DATA TO PROCESS Block Start

(* Let $\mathbb{F}$ be a field, $d\geq3$ and $V$ a vector space over $\mathbb{F}$ of dimension $d+1$. Let $E^*_0,\dots,E^*_d$ be a system of mutually orthogonal idempotents in $\mathrm{End}(V)$ and $A\in\mathrm{End}(V)$ with $E^*_iAE^*_j=0$ if $|i-j|>1$ and $E^*_iAE^*_j\neq0$ if $|i-j|=1$. Assume $A$ is multiplicity-free and bipartite with primitive idempotents $E_0,\dots,E_d$ and eigenvalues $\theta_0,\dots,\theta_d$. Let $\theta^*_0,\dots,\theta^*_d\in\mathbb{F}$ be mutually distinct and $A^*=\sum_i\theta^*_iE^*_i$. Assume $E_0$ is normalizing and that in $\Delta$ the vertex $E_0$ is adjacent to $E_1$ and no other vertex. Then for $1\le i\le d-1$, $$\theta_0\frac{\theta^*_{i-1}-\theta^*_1}{\theta^*_i-\theta^*_0}\neq\theta_1\qquad\text{and}\qquad\theta_0\frac{\theta^*_{i+1}-\theta^*_1}{\theta^*_i-\theta^*_0}\neq\theta_1.$$
   Context: A system of mutually orthogonal idempotents: $E^*_iE^*_j=\delta_{ij}E^*_i$, $\operatorname{rank}E^*_i=1$. $A$ multiplicity-free: $d+1$ distinct eigenvalues in $\mathbb{F}$; $E_i$ is the projection onto the $\theta_i$-eigenspace along the other eigenspaces. Bipartite: $\operatorname{tr}(E^*_iA)=0$ for all $i$. $\Delta$: graph on $E_0,\dots,E_d$ with $E_i\neq E_j$ adjacent iff $E_iA^*E_j\neq0$. The matrix $Y$ representing $A$ w.r.t. a basis $v_0,\dots,v_d$ satisfies $Av_j=\sum_iY_{ij}v_i$. An eigenvalue $\theta$ is normalizing if some basis with $v_i\in E^*_iV$ makes every row sum of the matrix representing $A$ equal to $\theta$; $E_i$ is normalizing if $\theta_i$ is. *)

From HB Require Import structures.
From mathcomp Require Import all_boot all_order all_algebra.
Set Implicit Arguments. Unset Strict Implicit. Unset Printing Implicit Defensive.
Import Order.TTheory GRing.Theory Num.Theory.
Local Open Scope ring_scope.

(* V = F^(d+1) as column vectors; End(V) = 'M[F]_(d.+1), acting by M *m v. *)

Definition orth_idempotent_system (F : fieldType) (d : nat)
  (Es : 'I_d.+1 -> 'M[F]_d.+1) : Prop :=
  (forall i j, Es i *m Es j = if i == j then Es i else 0) /\
  (forall i, \rank (Es i) = 1%N).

DATA TO PROCESS Block End

*WHAT TO PRODUCE:* Set down the data once more, word for word.

*ANSWER TO THIS PROBLEM:*
(* Let $\mathbb{F}$ be a field, $d\geq3$ and $V$ a vector space over $\mathbb{F}$ of dimension $d+1$. Let $E^*_0,\dots,E^*_d$ be a system of mutually orthogonal idempotents in $\mathrm{End}(V)$ and $A\in\mathrm{End}(V)$ with $E^*_iAE^*_j=0$ if $|i-j|>1$ and $E^*_iAE^*_j\neq0$ if $|i-j|=1$. Assume $A$ is multiplicity-free and bipartite with primitive idempotents $E_0,\dots,E_d$ and eigenvalues $\theta_0,\dots,\theta_d$. Let $\theta^*_0,\dots,\theta^*_d\in\mathbb{F}$ be mutually distinct and $A^*=\sum_i\theta^*_iE^*_i$. Assume $E_0$ is normalizing and that in $\Delta$ the vertex $E_0$ is adjacent to $E_1$ and no other vertex. Then for $1\le i\le d-1$, $$\theta_0\frac{\theta^*_{i-1}-\theta^*_1}{\theta^*_i-\theta^*_0}\neq\theta_1\qquad\text{and}\qquad\theta_0\frac{\theta^*_{i+1}-\theta^*_1}{\theta^*_i-\theta^*_0}\neq\theta_1.$$
   Context: A system of mutually orthogonal idempotents: $E^*_iE^*_j=\delta_{ij}E^*_i$, $\operatorname{rank}E^*_i=1$. $A$ multiplicity-free: $d+1$ distinct eigenvalues in $\mathbb{F}$; $E_i$ is the projection onto the $\theta_i$-eigenspace along the other eigenspaces. Bipartite: $\operatorname{tr}(E^*_iA)=0$ for all $i$. $\Delta$: graph on $E_0,\dots,E_d$ with $E_i\neq E_j$ adjacent iff $E_iA^*E_j\neq0$. The matrix $Y$ representing $A$ w.r.t. a basis $v_0,\dots,v_d$ satisfies $Av_j=\sum_iY_{ij}v_i$. An eigenvalue $\theta$ is normalizing if some basis with $v_i\in E^*_iV$ makes every row sum of the matrix representing $A$ equal to $\theta$; $E_i$ is normalizing if $\theta_i$ is. *)

From HB Require Import structures.
From mathcomp Require Import all_boot all_order all_algebra.
Set Implicit Arguments. Unset Strict Implicit. Unset Printing Implicit Defensive.
Import Order.TTheory GRing.Theory Num.Theory.
Local Open Scope ring_scope.

(* V = F^(d+1) as column vectors; End(V) = 'M[F]_(d.+1), acting by M *m v. *)

Definition orth_idempotent_system (F : fieldType) (d : nat)
  (Es : 'I_d.+1 -> 'M[F]_d.+1) : Prop :=
  (forall i j, Es i *m Es j = if i == j then Es i else 0) /\
  (forall i, \rank (Es i) = 1%N).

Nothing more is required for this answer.